Form- A very powerful way to create a sense of rhythm in a design is by effectively using forms within a design. If a “bush” of stem plants touches the side of the tank, it should stop somewhere along the top part of the form – like the “bush” got stuck in the glass. Care should be taken to ensure that hardscape components like driftwood and/or large stones don’t touch the sides of the tank because they cannot be “cut” apart and made to appear like they continue off into the distance. Their ends should be hidden by plants or in the substrate only implying their continuation. 
Color- Color contributes to the tank’s rhythm by naturally creating a sense of continuation through color schemes. If the tank leads from a bright red focal point to progressively darker shades of green, the viewer can assume that the area beyond the tank would naturally be darker. 
Texture- The textures of materials can contribute to the rhythm of the design by contrasting with each other and creating a natural sense of continuation.

Repetition - – Repetition is the creation of motion through a series of different materials. A good design should “flow” from the focal point throughout the layout. Repetition is a good way to express this flow. However, repetition should be limited to only a few components repeated a few times. The continuation of repetition should only be implied. Too much repetition is monotonous, busy, and appears cluttered – one of the major difficulties in Dutch aquascape design.
Scale- Components can be arranged in ascending or descending size to create a sense of repetition in the design. A triangular-shaped design would be a very good example of this.
Line – The repetition of line in a layout is usually only implied with aquascaping – leading the viewer to feel like the design could be repeated if it was larger. However, the line created by individual components, like stones in an Iwagumi layout, can be repeated a few times to imply a larger design – like a mountain range.
Form- The repetition of form is one way to use this principle in your design. A series of “bushes” or a cluster of stones would easily lend itself towards repetition. Too many “bushes” will make the design look too busy – commonly referred to as “collectoritis.”
Color- Color is often repeated in an aquascape layout. A focal point of red, followed by light green, green, and dark green repeated a couple of times successfully creates a sense of repetition.
Texture- Textures are the most common form of repetition. Coarse-fine, fine-coarse, coarse-fine… is an often found repetition – it works.

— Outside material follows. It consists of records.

Lemma ucp_one x : P ca_one x = x.
Proof. destruct hP as [_ [_ [O _]]]. apply O. Qed.

Lemma ucp_op_zero a : P a hs_zero = hs_zero.
Proof. rewrite <- (hs_scal0 hs_zero) at 1. rewrite ucp_op_scal. apply hs_scal0. Qed.

Lemma ucp_op_opp a x : P a (hs_opp x) = hs_opp (P a x).
Proof. rewrite !hs_oppE. apply ucp_op_scal. Qed.

(* Complete positivity at the positive 3x3 matrix [t_i^* t_j], [t = (1, u, v)]. *)
Lemma ucp_pos3 (u v : A) (x0 x1 x2 : H) :
  let q := Csum 3 (fun i => Csum 3 (fun j =>
     hs_inner (P (ca_mul (ca_star (triple ca_one u v i)) (triple ca_one u v j)) (triple x0 x1 x2 j))
              (triple x0 x1 x2 i))) in
  Cim q = 0 /\ 0 <= Cre q.
Proof.
  destruct hP as [_ [_ [_ Pos]]].
  apply (Pos 3%nat (fun i j => ca_mul (ca_star (triple ca_one u v i)) (triple ca_one u v j))).
  exists (fun k i => match k with O => triple ca_one u v i | _ => ca_zero end).
  intros i j _ _. simpl. rewrite !ca_star0, !ca_mul0l, !ca_add0, ca_add0l. reflexivity.
Qed.

Lemma ucp_star (u : A) (x y : H) : hs_inner (P (ca_star u) x) y = hs_inner x (P u y).
Proof.
  assert (Sa : forall z, Cim (hs_inner (P (ca_mul (ca_star u) u) z) z) = 0).
  { intro z. destruct (ucp_pos3 u ca_zero hs_zero z hs_zero) as [I _].
    simpl in I. rewrite !ucp_op_zero, !hs_inner0l, !hs_inner0r in I. simpl in I. lra. }
  assert (Sb : forall x0 x1, Cim (hs_inner (P u x1) x0) + Cim (hs_inner (P (ca_star u) x0) x1) = 0).
  { intros x0 x1. destruct (ucp_pos3 u ca_zero x0 x1 hs_zero) as [I _].
    simpl in I. rewrite !ucp_op_zero, !hs_inner0l, !hs_inner0r in I. simpl in I.
    rewrite ca_star1, !ca_mul1l, !ca_mul1r, ucp_one, hs_inner_self_im, Sa in I. lra. }
  pose proof (Sb x y) as B1.
  pose proof (Sb x (hs_scal (mkC 0 1) y)) as B2.
  rewrite ucp_op_scal, hs_innerZ, hs_innerZr in B2. simpl in B2.
  rewrite (hs_inner_conj (P u y) x). apply Cplx_ext; simpl; lra.
Qed.

(* The 3x3 positivity with [x0 = -(P u x1 + P v x2)]. *)
Lemma ucp_schwarz (u v : A) (x1 x2 : H) :
  0 <= (rinner (P (ca_mul (ca_star u) u) x1) x1 - hnorm (P u x1) * hnorm (P u x1))
     + (rinner (P (ca_mul (ca_star v) v) x2) x2 - hnorm (P v x2) * hnorm (P v x2))
     + 2 * (rinner (P (ca_mul (ca_star u) v) x2) x1 - rinner (P v x2) (P u x1)).
Proof.
  set (w := hs_add (P u x1) (P v x2)).
  destruct (ucp_pos3 u v (hs_opp w) x1 x2) as [_ R]. simpl in R.
  repeat match type of R with context [Cre (hs_inner ?a ?b)] => fold (rinner a b) in R end.
  rewrite ca_star1, !ca_mul1l, !ca_mul1r, ucp_one, !ucp_op_opp, !rinnerNl, !rinnerNr in R.
  assert (E1 : rinner (P (ca_star u) w) x1 = rinner w (P u x1))
    by (unfold rinner; rewrite ucp_star; reflexivity).
  assert (E2 : rinner (P (ca_star v) w) x2 = rinner w (P v x2))
    by (unfold rinner; rewrite ucp_star; reflexivity).
  assert (E3 : rinner (P (ca_mul (ca_star v) u) x1) x2 = rinner (P (ca_mul (ca_star u) v) x2) x1).
  { unfold rinner. replace (ca_mul (ca_star v) u) with (ca_star (ca_mul (ca_star u) v))
      by (rewrite ca_starM, ca_starK; reflexivity).
    rewrite ucp_star. apply rinnerC. }
  rewrite E1, E2, E3 in R. unfold w in R.
  rewrite !rinnerDl, !rinnerDr, (rinnerC (P u x1) (P v x2)) in R.
  rewrite <- !rinner_self. lra.
Qed.
Lemma derive_nonpos_at_first_zero f s l :
  0 < s -> is_derive f s l -> (forall u, 0 <= u < s -> 0 < f u) -> f s = 0 -> l <= 0.
Proof.
  intros Hs Hd Hpos Hz. apply Rnot_lt_le. intros Hl.
  apply is_derive_Reals in Hd. destruct (Hd (l / 2)) as [dl Hdl]; [lra|].
  pose proof (cond_pos dl). set (h := - Rmin dl s / 2).
  assert (0 < Rmin dl s) by (now apply Rmin_pos).
  assert (Rmin dl s <= dl) by apply Rmin_l. assert (Rmin dl s <= s) by apply Rmin_r.
  specialize (Hdl h ltac:(unfold h; lra) ltac:(unfold h; rewrite Rabs_left; lra)).
  specialize (Hpos (s + h) ltac:(unfold h; lra)).
  rewrite Hz, Rminus_0_r in Hdl. apply Rabs_def2 in Hdl.
  assert (f (s + h) / h < 0).
  { apply Rmult_pos_neg; [exact Hpos|]. apply Rinv_lt_0_compat. unfold h. lra. }
  lra.
Qed.

Section FirstZero.
Variables (M : nat) (T : R) (v : nat -> R -> R).
Hypothesis T_ge0 : 0 <= T.
Hypothesis v_init : forall x, (x <= M)%nat -> 0 < v x 0.
Hypothesis v_cont : forall x t, (x <= M)%nat -> 0 <= t <= T -> cont_at_nonneg (v x) t.

Definition pos_upto (s : R) : Prop :=
  0 <= s <= T /\ forall u x, 0 <= u <= s -> (x <= M)%nat -> 0 < v x u.

Lemma pos_upto_extend s : 0 <= s <= T ->
  (forall u x, 0 <= u < s -> (x <= M)%nat -> 0 < v x u) ->
  (forall x, (x <= M)%nat -> 0 < v x s) ->
  exists s', pos_upto s' /\ (s < s' \/ s' = T).
Proof.
  intros Hs Hbefore Hall.
  destruct (cont_at_nonneg_pos_near M v s (fun x Hx => v_cont x s Hx Hs) Hall)
    as [d [Hd Hnear]].
  exists (Rmin T (s + d / 2)).
  assert (Rmin T (s + d / 2) <= T) by apply Rmin_l.
  assert (Rmin T (s + d / 2) <= s + d / 2) by apply Rmin_r.
  split.
  - split; [split; [apply Rmin_glb|]; lra|].
    intros u x Hu Hx. destruct (Rlt_dec u s); [apply Hbefore; [lra|exact Hx]|].
    apply Hnear; [exact Hx|lra|]. rewrite Rabs_right; lra.
  - destruct (Rlt_dec s T); [left; apply Rmin_glb_lt|right; apply Rmin_left]; lra.
Qed.

Lemma pos_or_first_zero :
  (forall x t, (x <= M)%nat -> 0 <= t <= T -> 0 < v x t) \/
  exists s x, 0 < s <= T /\ (x <= M)%nat /\ v x s = 0 /\
    forall u l, 0 <= u < s -> (l <= M)%nat -> 0 < v l u.
Proof.
  destruct (classic (forall x t, (x <= M)%nat -> 0 <= t <= T -> 0 < v x t)) as [|Hneg];
    [now left|right].
  assert (HE0 : pos_upto 0).
  { split; [lra|]. intros u x Hu Hx. replace u with 0 by lra. now apply v_init. }
  destruct (completeness pos_upto (ex_intro _ T (fun s Hs => proj2 (proj1 Hs)))
              (ex_intro _ 0 HE0)) as [s [Hub Hlub]].
  assert (Hs0 : 0 <= s) by (apply Hub, HE0).
  assert (HsT : s <= T) by (apply Hlub; intros s' Hs'; apply Hs').
  assert (Hbefore : forall u x, 0 <= u < s -> (x <= M)%nat -> 0 < v x u).
  { intros u x Hu Hx. apply NNPP. intros Hn.
    enough (s <= u) by lra. apply Hlub. intros s' [_ Hs'].
    apply Rnot_lt_le. intros Hlt. apply Hn, Hs'; [lra|exact Hx]. }
  destruct (classic (forall x, (x <= M)%nat -> 0 < v x s)) as [Hall|Hnall].
  - exfalso. destruct (pos_upto_extend s (conj Hs0 HsT) Hbefore Hall) as [s' [HE' [Hlt| -> ]]].
    + pose proof (Hub s' HE'). lra.
    + apply Hneg. intros x t Hx Ht. apply (proj2 HE'); [lra|exact Hx].
  - apply not_all_ex_not in Hnall as [x Hx]. apply imply_to_and in Hx as [Hx Hnpos].
    assert (Hspos : 0 < s).
    { destruct (Req_dec s 0) as [Hz|]; [|lra]. rewrite Hz in Hnpos. now pose proof (v_init x Hx). }
    assert (0 <= v x s).
    { apply nonneg_of_pos_before; [exact Hspos|apply v_cont; [exact Hx|lra]|].
      intros u Hu. now apply Hbefore. }
    exists s, x. repeat split; try lra; exact Hx || exact Hbefore.
Qed.
(* Let $A\subseteq\mathbb{N}$ be a sum-dominant set with $|A|=6$. If there exist distinct $m_1, m_2, m_3\in A$ such that $m_2-m_1 = m_3-m_2$, then $A-A$ contains at most $7$ distinct positive elements.
   Context: For a finite set $A\subseteq\mathbb{N}$, the sum set is $A+A=\{a_i+a_j : a_i,a_j\in A\}$ and the difference set is $A-A=\{a_i-a_j : a_i,a_j\in A\}$. The set $A$ is called sum-dominant if $|A+A|>|A-A|$. *)

From HB Require Import structures.
From mathcomp Require Import all_boot all_order all_algebra.
From mathcomp Require Import finmap.
Set Implicit Arguments. Unset Strict Implicit. Unset Printing Implicit Defensive.
Import Order.TTheory GRing.Theory Num.Theory.
Local Open Scope fset_scope.

Definition sumset (A : {fset nat}) : {fset nat} :=
  [fset (a + b)%N | a in A, b in A].

(* Difference set A - A = { a_i - a_j : a_i, a_j in A }, taken in the
   integers (true subtraction, not truncated). *)
Definition diffset (A : {fset nat}) : {fset int} :=
  [fset ((a%:Z) - (b%:Z))%R | a in A, b in A].

Definition sum_dominant (A : {fset nat}) : Prop :=
  (#|` diffset A| < #|` sumset A|)%N.

From HB Require Import structures.
From mathcomp Require Import all_boot all_order all_algebra.
From mathcomp Require Import finmap.
From mathcomp Require Import zify.
Import Order.TTheory GRing.Theory Num.Theory.
Local Open Scope fset_scope.
Set Implicit Arguments. Unset Strict Implicit. Unset Printing Implicit Defensive.

(* Count the additive energy E = #{(a, b, c, d) in A^4 | a + b = c + d}, which is
   also #{a - d = c - b}, through the representation functions r+ of A + A and r- of
   A - A: their squares sum to E and they themselves sum to |A|^2 = 36.
   Since r-(0) = 6 and r^2 >= 3r - 2, E >= 128 - 2|A - A|.
   If some s has r+(s) = 6, then A = s - A, so A + A = s + (A - A) and A is not
   sum-dominant.  Otherwise 1 <= r+ <= 5 on A + A, where r^2 + 8 <= 6r + 3[r odd],
   and r+(s) is odd only when s = 2a with a in A; hence E <= 234 - 8|A + A|.
   With |A + A| > |A - A| this gives |A - A| <= 16, and A - A is 0 together with
   pairs +-d, so it has at most 7 positive elements. *)

Definition fiber_card (X : finType) (V : eqType) (f : X -> V) (v : V) : nat :=
  #|[pred x | f x == v]|.

Definition collisions (X : finType) (V : eqType) (f : X -> V) : nat :=
  #|[pred q : X * X | f q.1 == f q.2]|.

Section Fibers.
Variables (X : finType) (V : choiceType) (f : X -> V) (S : {fset V}).
Hypothesis f_in : forall x, f x \in S.

Lemma partition_sum_fset (G : X -> nat) :
  \sum_x G x = \sum_(v <- S) \sum_(x | f x == v) G x.
Proof.
rewrite (exchange_big_dep xpredT) //=; apply: eq_bigr => x _.
rewrite (eq_bigl (pred1 (f x))) => [|v]; last by rewrite /= eq_sym.
by rewrite -big_filter filter_pred1_uniq ?f_in ?big_seq1.
Qed.

Lemma card_fibers : #|X| = \sum_(v <- S) fiber_card f v.
Proof.
by rewrite -sum1_card (partition_sum_fset (fun=> 1)); apply: eq_bigr => v _; rewrite sum1_card.
Qed.

Lemma collisions_fibers : collisions f = \sum_(v <- S) fiber_card f v ^ 2.
Proof.
rewrite /collisions -sum1_card big_mkcond /=.
rewrite -(pair_bigA _ (fun x y => (f x == f y : nat))) /=.
rewrite (eq_bigr (fun x => fiber_card f (f x))) => [|x _]; last first.
  by rewrite /fiber_card -sum1_card [RHS]big_mkcond; apply: eq_bigr => y _; rewrite eq_sym.
rewrite partition_sum_fset; apply: eq_bigr => v _.
by rewrite (eq_bigr (fun=> fiber_card f v)) => [|x /eqP ->]; rewrite ?sum_nat_const ?mulnn.
Qed.

End Fibers.

Lemma odd_fiber_sym (X : finType) (V : eqType) (f : X * X -> V) (v : V) :
  (forall x y, f (x, y) = f (y, x)) ->
  odd (fiber_card f v) = odd (fiber_card (fun x => f (x, x)) v).
Proof.
move=> f_sym; pose F p := (f p == v : nat).
pose lt (p : X * X) := (enum_rank p.1 < enum_rank p.2)%N.
have -> : fiber_card f v = \sum_p F p by rewrite /fiber_card -sum1_card big_mkcond.
rewrite (bigID lt) /= [\sum_(p | ~~ lt p) _](bigID (fun p => lt (p.2, p.1))) /=.
have swap_inj : injective (fun p : X * X => (p.2, p.1)) by move=> [? ?] [? ?] [-> ->].
have -> : \sum_(p | ~~ lt p && lt (p.2, p.1)) F p = \sum_(p | lt p) F p.
  rewrite (reindex_inj swap_inj) /=; apply: eq_big => -[x y] /=.
    by rewrite /lt /=; case: ltngtP.
  by rewrite /F f_sym.
have -> : \sum_(p | ~~ lt p && ~~ lt (p.2, p.1)) F p = \sum_(p | p.1 == p.2) F p.
  apply: eq_bigl => -[x y]; rewrite /lt /=.
  have [->|neq_xy] := eqVneq x y; first by rewrite ltnn.
  by case: ltngtP => // /ord_inj/enum_rank_inj eq_xy; rewrite eq_xy eqxx in neq_xy.
have -> : \sum_(p | p.1 == p.2) F p = \sum_x F (x, x).
  transitivity (\sum_x \sum_(y | x == y) F (x, y)).
    by rewrite pair_big_dep; apply: eq_big => -[].
  by apply: eq_bigr => x _; rewrite (big_pred1 x) // => y; rewrite /= eq_sym.
rewrite /fiber_card -sum1_card [in RHS]big_mkcond /=.
by rewrite addnA addnn oddD odd_double; congr odd.
Qed.

Lemma sqr_add8_le r : (0 < r <= 5)%N -> (r ^ 2 + 8 <= 6 * r + 3 * odd r)%N.
Proof. by case: r => [|[|[|[|[|[|r]]]]]]. Qed.

Section SumAndDifferenceSets.
Variable A : {fset nat}.
Local Notation n := #|` A|.

Definition sum_rep (p : A * A) : nat := val p.1 + val p.2.
Definition diff_rep (p : A * A) : int := ((val p.1)%:Z - (val p.2)%:Z)%R.

Lemma sum_rep_in p : sum_rep p \in sumset A.
Proof. by apply: in_imfset2 => /=. Qed.

Lemma diff_rep_in p : diff_rep p \in diffset A.
Proof. by apply: in_imfset2 => /=. Qed.

Lemma card_pairs : #|{: A * A}| = n ^ 2.
Proof. by rewrite card_prod -cardfE mulnn. Qed.

Lemma collisions_sum_diff_rep : collisions sum_rep = collisions diff_rep.
Proof.
pose h (q : (A * A) * (A * A)) := ((q.1.1, q.2.2), (q.2.1, q.1.2)).
have h_inj : injective h by move=> [[? ?] [? ?]] [[? ?] [? ?]] [-> -> -> ->].
rewrite /collisions -!sum1_card (reindex_inj h_inj); apply: eq_bigl => -[[a b] [c d]].
by rewrite !inE /sum_rep /diff_rep /=; apply/eqP/eqP; lia.
Qed.

Lemma zero_in_diffset : 0 < n -> 0%R \in diffset A.
Proof.
rewrite cardfE => /card_gt0P [a _].
by have := diff_rep_in (a, a); rewrite /diff_rep subrr.
Qed.

Lemma fiber_diff_rep0 : fiber_card diff_rep 0%R = n.
Proof.
have diag_inj : injective (fun a : A => (a, a)) by move=> a b [].
rewrite cardfE -(card_imset predT diag_inj); apply: eq_card => -[a b].
rewrite !inE /diff_rep /=; apply/eqP/imsetP => [ab0|[c _ [-> ->]]]; last by rewrite subrr.
move/eqP: ab0; rewrite subr_eq0 eqz_nat => /eqP/val_inj ->.
by exists b.
Qed.

Lemma collisions_diff_rep_ge : 0 < n ->
  4 * n ^ 2 + 2 <= collisions diff_rep + 2 * #|` diffset A| + 3 * n.
Proof.
move=> /zero_in_diffset D0; set D' := diffset A `\ 0%R; set r := fiber_card diff_rep.
have cardD : #|` diffset A| = #|` D'|.+1 by rewrite (cardfsD1 0%R) D0.
have sum_r : n ^ 2 = (n + \sum_(d <- D') r d)%N.
  by rewrite -card_pairs (card_fibers diff_rep_in) (big_fsetD1 0%R D0) fiber_diff_rep0.
have sum_r2 : collisions diff_rep = (n ^ 2 + \sum_(d <- D') r d ^ 2)%N.
  by rewrite (collisions_fibers diff_rep_in) (big_fsetD1 0%R D0) fiber_diff_rep0.
have : 3 * \sum_(d <- D') r d <= \sum_(d <- D') r d ^ 2 + 2 * #|` D'|.
  rewrite -sum1_size !big_distrr -big_split /=; apply: leq_sum => d _.
  by case: (r d) => [|[|k]] //; nia. (* (r - 1) (r - 2) >= 0 *)
lia.
Qed.

Lemma fiber_sum_repE v :
  fiber_card sum_rep v = #|[set p.1 | p in [pred p | sum_rep p == v]]|.
Proof.
rewrite card_in_imset // => -[a b] [a' b']; rewrite !inE /sum_rep /=.
move=> /eqP <- + /= eq_a; rewrite -eq_a eqn_add2l => /eqP eq_b.
by congr pair; apply: val_inj.
Qed.

Lemma fiber_sum_rep_le v : fiber_card sum_rep v <= n.
Proof. by rewrite fiber_sum_repE cardfE max_card. Qed.

Lemma fiber_sum_rep_full v : fiber_card sum_rep v = n ->
  {in A, forall a, exists2 b, b \in A & (a + b)%N = v}.
Proof.
rewrite fiber_sum_repE cardfE -cardsT => /subset_cardP/(_ (subsetT _)) im_all a aA.
have /imsetP [[a' b]] : [` aA] \in [set p.1 | p in [pred p | sum_rep p == v]].
  by rewrite im_all inE.
by rewrite inE /sum_rep => /eqP <- /= <-; exists (val b) => //; apply: fsvalP.
Qed.

Lemma card_sumset_le_diffset_sym v :
  {in A, forall a, exists2 b, b \in A & (a + b)%N = v} -> #|` sumset A| <= #|` diffset A|.
Proof.
move=> symA; pose shift (s : nat) : int := (s%:Z - v%:Z)%R.
have <- : #|` [fset shift s | s in sumset A]| = #|` sumset A|.
  by apply/eqP/card_in_imfsetP => s t _ _; rewrite /shift; lia.
apply: fsubset_leq_card; apply/fsubsetP => _ /imfsetP [_ /imfset2P [a aA [b bA ->]] ->].
have [c cA bc] := symA b bA.
by apply/imfset2P; exists a => //; exists c => //; rewrite /shift -bc; lia.
Qed.

Lemma fiber_sum_rep_gt0 s : s \in sumset A -> 0 < fiber_card sum_rep s.
Proof.
case/imfset2P => a /= aA [b /= bA ->].
by apply/card_gt0P; exists ([` aA], [` bA]); rewrite inE.
Qed.

Lemma odd_fiber_sum_rep_le s :
  odd (fiber_card sum_rep s) <= fiber_card (fun a => sum_rep (a, a)) s.
Proof.
rewrite (odd_fiber_sym _ (fun a b => addnC (val a) (val b))).
by case: (fiber_card _ s) => // k; apply: leq_trans (leq_b1 _) _.
Qed.

Lemma collisions_sum_rep_le : {in sumset A, forall s, fiber_card sum_rep s <= 5} ->
  collisions sum_rep + 8 * #|` sumset A| <= 6 * n ^ 2 + 3 * n.
Proof.
move=> le5; set r := fiber_card sum_rep; set e := fiber_card (fun a => sum_rep (a, a)).
have sum_r : n ^ 2 = \sum_(s <- sumset A) r s.
  by rewrite -card_pairs (card_fibers sum_rep_in).
have sum_e : n = \sum_(s <- sumset A) e s.
  by rewrite cardfE (card_fibers (fun a => sum_rep_in (a, a))).
rewrite (collisions_fibers sum_rep_in) sum_r sum_e -sum1_size !big_distrr -!big_split /=.
rewrite !big_seq; apply: leq_sum => s sS; rewrite muln1.
apply: leq_trans (sqr_add8_le _) _; first by rewrite fiber_sum_rep_gt0 ?le5.
by rewrite leq_add2l leq_mul2l odd_fiber_sum_rep_le orbT.
Qed.

Lemma card_diffset_pos_lt :
  0 < n -> (#|` [fset d in diffset A | (0 < d)%R]|).*2 < #|` diffset A|.
Proof.
move=> /zero_in_diffset D0; set P := [fset d in diffset A | (0 < d)%R].
have -> : #|` diffset A| = (#|` P| + #|` [fset d in diffset A | ~~ (0 < d)%R]|)%N.
  by rewrite -!sum1_size -big_fsetIDcond.
rewrite -addnn ltn_add2l.
have card_negP : #|` [fset (- d)%R | d in P]| = #|` P|.
  by apply/eqP/card_in_imfsetP => x y _ _; apply: oppr_inj.
have negP0 : 0%R \notin [fset (- d)%R | d in P].
  apply/imfsetP => -[d /= dP d0]; have d_eq0 : d = 0%R by rewrite -[d]opprK -d0 oppr0.
  by move: dP; rewrite d_eq0 !inE ltxx andbF.
have negP_sub : 0%R |` [fset (- d)%R | d in P] `<=` [fset d in diffset A | ~~ (0 < d)%R].
  apply/fsubsetP => _ /fset1UP [-> | /imfsetP [d /= dP ->]]; rewrite !inE.
    by rewrite D0 ltxx.
  move: dP; rewrite !inE => /andP [/imfset2P [a aA [b bA ->]] d_gt0].
  rewrite oppr_gt0 -leNgt ltW // andbT opprB.
  by apply/imfset2P; exists b => //; exists a.
by have := fsubset_leq_card negP_sub; rewrite cardfsU1 negP0 card_negP.
Qed.

End SumAndDifferenceSets.

Theorem lemma4 (A : {fset nat}) :
  sum_dominant A ->
  #|` A| = 6%N ->
  (exists m1 m2 m3 : nat,
     [/\ m1 \in A, m2 \in A, m3 \in A,
         [/\ m1 != m2, m2 != m3 & m1 != m3] &
         ((m2%:Z - m1%:Z) = (m3%:Z - m2%:Z))%R]) ->
  (#|` [fset d in diffset A | (0 < d)%R]| <= 7)%N.
Proof.
rewrite /sum_dominant => sum_dom A6 _.
have A_gt0 : 0 < #|` A| by rewrite A6.
have pos_lt := card_diffset_pos_lt A_gt0.
have diff_lb := collisions_diff_rep_ge A_gt0.
have [/hasP [s _ /eqP full] | /hasPn not_full] :=
  boolP (has (fun s => fiber_card (@sum_rep A) s == 6) (sumset A)).
  have := card_sumset_le_diffset_sym (fiber_sum_rep_full (etrans full (esym A6))).
  by rewrite leqNgt sum_dom.
have le5 : {in sumset A, forall s, fiber_card (@sum_rep A) s <= 5}.
  move=> s sS; have := fiber_sum_rep_le A s.
  by rewrite A6 leq_eqVlt (negbTE (not_full s sS)).
have := collisions_sum_rep_le le5; rewrite collisions_sum_diff_rep.
move: diff_lb pos_lt; rewrite A6; lia.
Qed.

Simplicity – Perhaps the most important and hardest to conform to principle is that of simplicity. Simplicity is the use of a limited number of materials to create a successful design. The excessive use of materials is monotonous and confusing to the viewer. Beware the overpowering tendency towards collectivities. A general rule of thumb is to keep all components limited to 3-5 pieces. 
Scale- Never use more than 3-5 different sizes in any design.
Line- Don’t use more than one continuous line of movement. More would be confusing.
Form- Don’t use more than 3-5 forms within a layout.
Color- Limit yourself to no more than 3-5 colors. Including the background, substrate, and hardscape items you should only have one or two colors in plants. If you use more colors, limit yourself to hardscape items – this is one key idea to successful Dutch designs (although they have never been accused of being simple). Luckily, our plants only really come in green and red. Subtle changes in color tone have a lesser effect on simplicity. Do not forget that your fish/inverts will also contribute a color to the design. The simplest designs only have one hardscape item, one substrate color, one background color (or none), two plants, and one type of fish.
Texture- Limit the number of textures that you use in the layout. If you conform to a limited number of plants and hardscape items, this shouldn’t be too hard.

Conclusion
By keeping in mind these eight principles of design and how the five elements of design affect each principle you too can create an excellent aquascape.


----------



## DesertAquariums (Dec 7, 2009)

That is an awesome article, thank you.roud:


----------



## mistergreen (Dec 9, 2006)

you can combine transition, rhythm, and repetition together.


----------



## bigboij (Jul 24, 2009)

Wall of Text Crits YOU for 5000!!





/k

nice article


----------



## Dryn (Jan 22, 2009)

Definitely wall of texts bibgoij but it would be way to big with pictures...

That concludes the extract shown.